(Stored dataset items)
(* Let $d\in\mathbb{N}$, $a\in\mathbb{R}$, $b\in(a,\infty)$. For every $v=(v_1,\dots,v_{d+1})\in\mathbb{R}^{d+1}$ let $I^v=\{x\in[a,b]^d\colon v_{d+1}+\sum_{i=1}^d v_ix_i>0\}$. Let $\lambda_d$ denote the Lebesgue measure on $\mathbb{R}^d$, let $p\colon[a,b]^d\to[0,\infty)$ be bounded and measurable, and let $u\in\mathbb{R}^{d+1}\setminus\{0\}$. Then there exist $\varepsilon,C\in(0,\infty)$ such that for all $v,w\in\mathbb{R}^{d+1}$ with $\max\{\|u-v\|,\|u-w\|\}\le\varepsilon$ it holds that $$\int_{I^v\,\Delta\, I^w}p(x)\,\lambda_d(\mathrm{d}x)\le C\|v-w\|,$$ where $\Delta$ denotes the symmetric difference of sets.
   Context: $\|\cdot\|$ denotes the Euclidean norm. *)

From HB Require Import structures.
From mathcomp Require Import all_boot all_order all_algebra.
From mathcomp Require Import all_classical all_reals all_analysis.
Set Implicit Arguments. Unset Strict Implicit. Unset Printing Implicit Defensive.
Import Order.TTheory GRing.Theory Num.Theory.
Import numFieldNormedType.Exports.
Local Open Scope classical_set_scope.
Local Open Scope ring_scope.

Definition enorm (R : realType) (n : nat) (v : 'rV[R]_n) : R :=
  Num.sqrt (\sum_(i < n) (v ord0 i) ^+ 2).

(* Lebesgue measure lambda_n on R^n = n.-tuple R (with its product sigma-algebra),
   built as iterated product measure:
   lambda_0 = Dirac mass at the empty tuple,
   lambda_{n+1} = image of (lebesgue_measure (x) lambda_n) under (x, t) |-> x :: t. *)
Fixpoint lebesgue_tuple (R : realType) (n : nat) : set (n.-tuple R) -> \bar R :=
  match n with
  | 0 => fun A => dirac [tuple] A
  | n'.+1 => pushforward ((@lebesgue_measure R) \x^ (@lebesgue_tuple R n'))%E
               (fun p : R * n'.-tuple R => [tuple of p.1 :: p.2])
  end.

Definition cube (R : realType) (d : nat) (a b : R) : set (d.-tuple R) :=
  [set x | forall i : 'I_d, a <= tnth x i <= b].

(* I^v = { x in [a,b]^d : v_{d+1} + sum_{i=1}^d v_i x_i > 0 } for v in R^{d+1};
   coordinates v_1..v_d are v 0 (widen i), v_{d+1} is v 0 ord_max. *)
Definition Iset (R : realType) (d : nat) (a b : R) (v : 'rV[R]_d.+1)
  : set (d.-tuple R) :=
  [set x | cube a b x /\
     0 < v ord0 ord_max + \sum_(i < d) v ord0 (widen_ord (leqnSn d) i) * tnth x i].

Definition symdiff (T : Type) (A B : set T) : set T := (A `\` B) `|` (B `\` A).

From HB Require Import structures.
From mathcomp Require Import all_boot all_order all_algebra.
From mathcomp Require Import all_classical all_reals all_analysis.
From mathcomp Require Import measurable_realfun ring lra.
Import Order.TTheory GRing.Theory Num.Theory.
Import numFieldNormedType.Exports.
Local Open Scope classical_set_scope.
Local Open Scope ring_scope.
Set Implicit Arguments. Unset Strict Implicit. Unset Printing Implicit Defensive.

(* Write L_v(x) = v_{d+1} + sum_i v_i x_i, so that I^v is the part of the cube where L_v > 0,
   and note |L_v(x) - L_w(x)| <= K ||v - w|| on the cube.
   If some slope u_j is nonzero, then for v, w near u the symmetric difference of I^v and I^w
   lies in the slab {|L_v| <= K ||v - w||}, whose volume is at most 2 K ||v - w|| / |v_j| times
   the volume of a face of the cube (Fubini along the j-th coordinate), and |v_j| >= |u_j| / 2.
   If all slopes of u vanish, L_u is the nonzero constant u_{d+1}, so L_v and L_w have its sign
   on the whole cube and I^v = I^w. Since p is bounded, the integral is controlled by the volume. *)

Section cons_measure.
Local Open Scope ereal_scope.
Context (R : realType) (n : nat) (mu : {sigma_finite_measure set (n.-tuple R) -> \bar R}).

Definition tuple_cons (p : R * n.-tuple R) : n.+1.-tuple R := [tuple of p.1 :: p.2].

Lemma measurable_tuple_cons : measurable_fun setT tuple_cons.
Proof. exact: measurable_cons. Qed.

Definition cons_measure := pushforward (@lebesgue_measure R \x^ mu) tuple_cons.

Let cons_measure0 : cons_measure set0 = 0.
Proof. by rewrite /cons_measure /pushforward preimage_set0 measure0. Qed.

Let cons_measure_ge0 A : 0 <= cons_measure A.
Proof. exact: (measure_ge0 (@lebesgue_measure R \x^ mu)). Qed.

Let cons_measure_sigma_additive : semi_sigma_additive cons_measure.
Proof.
move=> F mF tF mUF; rewrite /cons_measure /pushforward preimage_bigcup.
apply: measure_semi_sigma_additive.
- by move=> k; rewrite -[X in measurable X]setTI; exact: measurable_tuple_cons.
- apply/trivIsetP => /= i j _ _ ij; rewrite -preimage_setI.
  by move/trivIsetP : tF => /(_ _ _ _ _ ij) ->//; rewrite preimage_set0.
- by rewrite -preimage_bigcup -[X in measurable X]setTI; exact: measurable_tuple_cons.
Qed.

HB.instance Definition _ := isMeasure.Build _ _ _ cons_measure
  cons_measure0 cons_measure_ge0 cons_measure_sigma_additive.

Let cons_measure_sigma_finite : sigma_finite setT cons_measure.
Proof.
have /sigma_finiteP [G [GT Gnd Gfin]] := sigma_finiteT (@lebesgue_measure R).
have /sigma_finiteP [F [FT Fnd Ffin]] := sigma_finiteT mu.
pose thd (x : n.+1.-tuple R) := thead x.
pose tbehead (x : n.+1.-tuple R) : n.-tuple R := [tuple of behead x].
exists (fun k => thd @^-1` G k `&` tbehead @^-1` F k).
  apply/seteqP; split => // x _.
  have [i _ Gi] : (\bigcup_k G k) (thd x) by rewrite -GT.
  have [j _ Fj] : (\bigcup_k F k) (tbehead x) by rewrite -FT.
  exists (maxn i j) => //; split.
  - by move: (Gnd _ _ (leq_maxl i j)) => /subsetPset; apply.
  - by move: (Fnd _ _ (leq_maxr i j)) => /subsetPset; apply.
move=> k /=; have [mG Gk_fin] := Gfin k; have [mF Fk_fin] := Ffin k; split.
  apply: measurableI; rewrite -[X in measurable X]setTI.
  - exact: (measurable_tnth ord0).
  - exact: measurable_behead.
rewrite /cons_measure /pushforward.
have -> : tuple_cons @^-1` (thd @^-1` G k `&` tbehead @^-1` F k) = G k `*` F k.
  apply/seteqP; split => -[x y] [/= Gx Fy]; split => //;
    by move: Fy; congr (F k _); exact: val_inj.
rewrite product_measure2E //.
by rewrite lte_mul_pinfty // ge0_fin_numE.
Qed.

HB.instance Definition _ := Measure_isSigmaFinite.Build _ _ _ cons_measure
  cons_measure_sigma_finite.

End cons_measure.

Arguments tuple_cons {R n}.

(* [lebesgue_tuple] again, but built so that its sigma-finiteness is known to the library. *)
Fixpoint sf_lebesgue_tuple (R : realType) (n : nat)
    : {sigma_finite_measure set (n.-tuple R) -> \bar R} :=
  match n with
  | 0 => (@dirac _ _ ([tuple] : 0.-tuple R) R : {sigma_finite_measure set _ -> \bar R})
  | n'.+1 => (cons_measure (sf_lebesgue_tuple R n') : {sigma_finite_measure set _ -> \bar R})
  end.

Lemma sf_lebesgue_tupleE (R : realType) n :
  sf_lebesgue_tuple R n = @lebesgue_tuple R n :> (set _ -> \bar R).
Proof. by elim: n => [//|n IH] /=; rewrite /cons_measure IH. Qed.

Lemma tnth_beheadS (T : Type) n (v : n.+1.-tuple T) (j : 'I_n) :
  tnth [tuple of behead v] j = tnth v (lift ord0 j).
Proof. by rewrite tnth_behead; congr tnth; apply: val_inj; rewrite /= inordK // ltnS. Qed.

▶ **Exercise prompt**: Determine how many lines of the entries above carry the string "apply", and give that number alone.

▶ **Solution**: 8